Trickbot’s core infrastructure includes internet-of-things (IoT) devices for controlling the botnet. Microsoft and its partners identified seven of them, all in the process of being disabled.
This success does not mean the fight is getting to an end. Trickbot’s unique architecture requires constant action against it to minimize resurrection chances.
These efforts will continue until at least November 3, the day of the U.S. Presidential election, aided by new court orders to take down freshly activated servers in the country.
“As we continue to cut off these new servers, our partners are also working to clean and remediate the compromised IoT devices, especially routers, that the Trickbot operators are using as non-traditional command-and-control infrastructure” – Microsoft
As TrickBot is hosting command and control servers on customer and business routers, Microsoft is working with internet service providers (ISPs) to help fix the devices without interrupting legitimate traffic.
For the time being, Trickbot administrators are busy setting up new infrastructure, which takes time and a toll on the frequency of fresh attacks.
Microsoft says that they were able to identify new servers and go through the legal channels to disable them in less than three hours.

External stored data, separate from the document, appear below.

Lemma pair_sum_plus (n : nat) (f g : nat -> nat -> R) :
  pair_sum n (fun i j => f i j + g i j) = pair_sum n f + pair_sum n g.
Proof.
  unfold pair_sum. rewrite <- sumR_plus. apply sumR_ext. intros. apply sumR_plus.
Qed.

Lemma pair_sum_indicator (ef : nat -> R) (n : nat) :
  (forall i, ef i * ef i = ef i) ->
  forall m a, (a + m = S n)%nat ->
  2 * sumR (map (fun i => sumR (map (fun j => ef i * ef j) (seq (S i) (n - i)))) (seq a m))
  = sumR (map ef (seq a m)) * sumR (map ef (seq a m)) - sumR (map ef (seq a m)).
Proof.
  intros He m. induction m; intros a Ha; simpl; [ring|].
  replace (n - a)%nat with m by lia.
  rewrite sumR_scal. specialize (IHm (S a) ltac:(lia)).
  assert (H := He a). nra.
Qed.

Lemma sum_indic (T : tree) (n : nat) : NoDup (leaves T) -> incl (leaves T) (seq 1 n) ->
  sumR (map (indic T) (seq 1 n)) = INR (kappa T).
Proof.
  intros ND Hi.
  transitivity (INR (length (filter (fun i => mem i T) (seq 1 n)))).
  - unfold indic. generalize (seq 1 n). induction l as [|x l IH]; [reflexivity|].
    simpl. rewrite IH. destruct (mem x T); simpl length; rewrite ?S_INR; ring.
  - f_equal. apply Permutation_length, NoDup_Permutation.
    + apply NoDup_filter, seq_NoDup.
    + exact ND.
    + intro x. rewrite filter_In, mem_In. split; [tauto | auto].
Qed.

In one case, a hosting provider took down a Trickbot server in less than six minutes since receiving the notification about the illegal activity.
In a Trickbot malware sample distributed on October 19, Intel 471 identified 16 new C2 botnet servers dispersed globally, none of them currently responding to requests from infected systems.
Tough to kill
Some Trickbot servers are still active in Brazil, Colombia, Indonesia, and Kyrgyzstan, Intel 471 says. Furthermore, the botnet’s administrators still have partners willing to spread their malware.
Even if these efforts do not cause Trickbot to dwindle into extinction, the botnet may die on its own; but only because threat actors are moving to BazarLoader, a trojan increasingly used by Trickbot operators to target high-value enterprises and deploy Ryuk ransomware on their networks.
“Prior to the disruption, we had already observed some actors that were previously distributing Trickbot switch to BazaLoader, which has been linked by code similarity to Trickbot” – Sherrod DeGrippo, Proofpoint
DeGrippo also said that Proofpoint has not seen any direct evidence about Trickbot targeting election-related organizations or of its distribution with election-themed messages.